The construction of the fourth USS Alabama (BB-60; 35.000 tons displacement) began in 1940. The South Dakota-class battleship joined the fleet in 1942. USS Alabama was a sophisticated, heavily armed, fast battleship. For most of the war, she served as an escort for various fast aircraft carriers using her array of anti-aircraft guns, not her main firepower 16-inch guns, against attacking Japanese planes. The ship participated in attacks on Japanese islands and was involved in the eventual liberation of the Philippines, as well as several important fleet actions throughout 1944 in the islands campaign.
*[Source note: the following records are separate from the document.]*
(* For all $j_1,j_2\in\tfrac12\mathbb{N}^+$, every entry of $R^{(j_1,j_2)}(t)$ (a Laurent polynomial in $t$) has degree at most $4j_1j_2$ in $t$, and \[ \lim_{t\to\infty}\frac{R^{(j_1,j_2)}(t)}{t^{4j_1j_2}}=q^{2j_1j_2}\widehat R^{(j_1,j_2)}, \] i.e. the matrix of coefficients of $t^{4j_1j_2}$ in $R^{(j_1,j_2)}(t)$ equals $q^{2j_1j_2}\widehat R^{(j_1,j_2)}$.
   Context: $\mathbb{F}$ is a field of characteristic zero in which every element has a square root; $q\in\mathbb{F}$ nonzero, not a root of unity, with fixed square root $q^{1/2}$ ($q^{k/2}:=(q^{1/2})^k$); other $(\cdot)^{1/2}$ are fixed square roots in $\mathbb{F}$. $[n]_q=\frac{q^n-q^{-n}}{q-q^{-1}}$, $c(t)=t-t^{-1}$, $\tfrac12\mathbb{N}^+=\{\tfrac12,1,\tfrac32,\dots\}$, $t$ an indeterminate, $\otimes$ Kronecker product. Leg notation: for factors $\mathbb{F}^{n_1}\otimes\mathbb{F}^{n_2}\otimes\mathbb{F}^{n_3}$, $X_{12}=X\otimes I_{n_3}$, $X_{23}=I_{n_1}\otimes X$, $X_{13}=P(X\otimes I_{n_2})P$ with $P$ the flip of factors 2,3; for non-square $Y$, $Y_{12}=Y\otimes I_{n_3}$, $Y_{23}=I_{n_1}\otimes Y$. For $j\in\tfrac12\mathbb{N}^+$: $\mathcal{E}^{(j+\frac12)}$ is $(4j+2)\times(2j+2)$ with only nonzero entries $\mathcal{E}_{(a,a)}=\big(\frac{[2j+2-a]_q}{[2j+1]_q}\big)^{1/2}$, $\mathcal{E}_{(a+2j+1,a+1)}=\big(\frac{[a]_q}{[2j+1]_q}\big)^{1/2}$ ($1\le a\le 2j+1$); $\mathcal{F}^{(j+\frac12)}$ is $(2j+2)\times(4j+2)$ with only nonzero entries $\mathcal{F}_{(a,a)}=\frac{([2j+2-a]_q[2j+1]_q)^{1/2}}{[2j+2-a]_q+[a-1]_q}$, $\mathcal{F}_{(a+1,a+2j+1)}=\frac{([a]_q[2j+1]_q)^{1/2}}{[2j+1-a]_q+[a]_q}$ ($1\le a\le 2j+1$). $R^{(\frac12,\frac12)}(t)$ is the $4\times4$ matrix with rows $(c(qt),0,0,0),(0,c(t),c(q),0),(0,c(q),c(t),0),(0,0,0,c(qt))$; recursively $R^{(\frac12,j+\frac12)}(t)=\mathcal{F}^{(j+\frac12)}_{23}R^{(\frac12,j)}_{13}(q^{-1/2}t)R^{(\frac12,\frac12)}_{12}(q^{j}t)\mathcal{E}^{(j+\frac12)}_{23}$ (factor sizes $2,2,2j+1$) and $R^{(j_1+\frac12,j_2)}(t)=\mathcal{F}^{(j_1+\frac12)}_{12}R^{(\frac12,j_2)}_{13}(q^{-j_1}t)R^{(j_1,j_2)}_{23}(q^{1/2}t)\mathcal{E}^{(j_1+\frac12)}_{12}$ (factor sizes $2,2j_1+1,2j_2+1$). $\widehat R^{(j_1,j_2)}=q^{2\,\mathrm{diag}(j_1,\dots,-j_1)\otimes\mathrm{diag}(j_2,\dots,-j_2)}$ (diagonal with entries $q^{2\alpha\beta}$). *)

From HB Require Import structures.
From mathcomp Require Import all_boot all_order all_algebra.
From mathcomp Require Import mxtens.
Set Implicit Arguments. Unset Strict Implicit. Unset Printing Implicit Defensive.
Import Order.TTheory GRing.Theory Num.Theory.
Local Open Scope ring_scope.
Along with other ships, she used her main armament to bombard Saipan. Then, the ship resumed her role defending the carriers, which were fighting off large numbers of kamikaze attacks. These suicide attacks were very damaging to many ships in the American fleet, including her sister ship USS South Dakota, but Alabama sustained no losses. She never lost a man in combat during World War II, earning the nickname “Lucky A.” At the end of the war, Alabama along with other fast battleships, bombarded targets in the home islands near Tokyo. Action was suspended when Japan surrendered, and USS Alabama returned to San Francisco in late 1945. She was eventually decommissioned and put in mothballs in 1947 in Bremerton, Wash., where she remained until 1964, when Mobilians Jimmy Morris, Stephens Croom and Henri Aldridge spearheaded the effort to save her from a trip to the scrapyard. Gifts of money from across the state, especially from schoolchildren, contributed toward preserving the ship and moving it to its present location at Battleship Memorial Park. In exchange for their donations, children were given lifetime passes to visit the ship. A few are still in existence.

Taking a tour of Battleship Park has become a tradition for Mobilians and
the city's visitors alike. Photo by Sharon Whelton.

The Current Ship

The most recent USS Alabama (SSBN-731) is a nuclear-powered fleet ballistic missile submarine. Her keel was laid in 1980 at Groton, Conn., and she was commissioned in 1985. She is an Ohio-class ship, displacing 18, 750 tons when submerged. By comparison, USS Drum, now on display at Battleship Park, displaced just more than 2, 000 tons when submerged. The current USS Alabama has been in continuous service since joining the fleet in 1985. After extensive training and shakedown cruises, she visited Mobile in February 1986 for Mardi Gras. Assigned to Bangor, Wash., she had made 47 patrols when she was extensively refit in 1999 to carry the fleet’s latest missiles. She now carries 24 Trident II D5 nuclear missiles, each with multiple, independently targeted warheads, and a complement of torpedoes. This USS Alabama continues to be homeported in Bangor, Wash.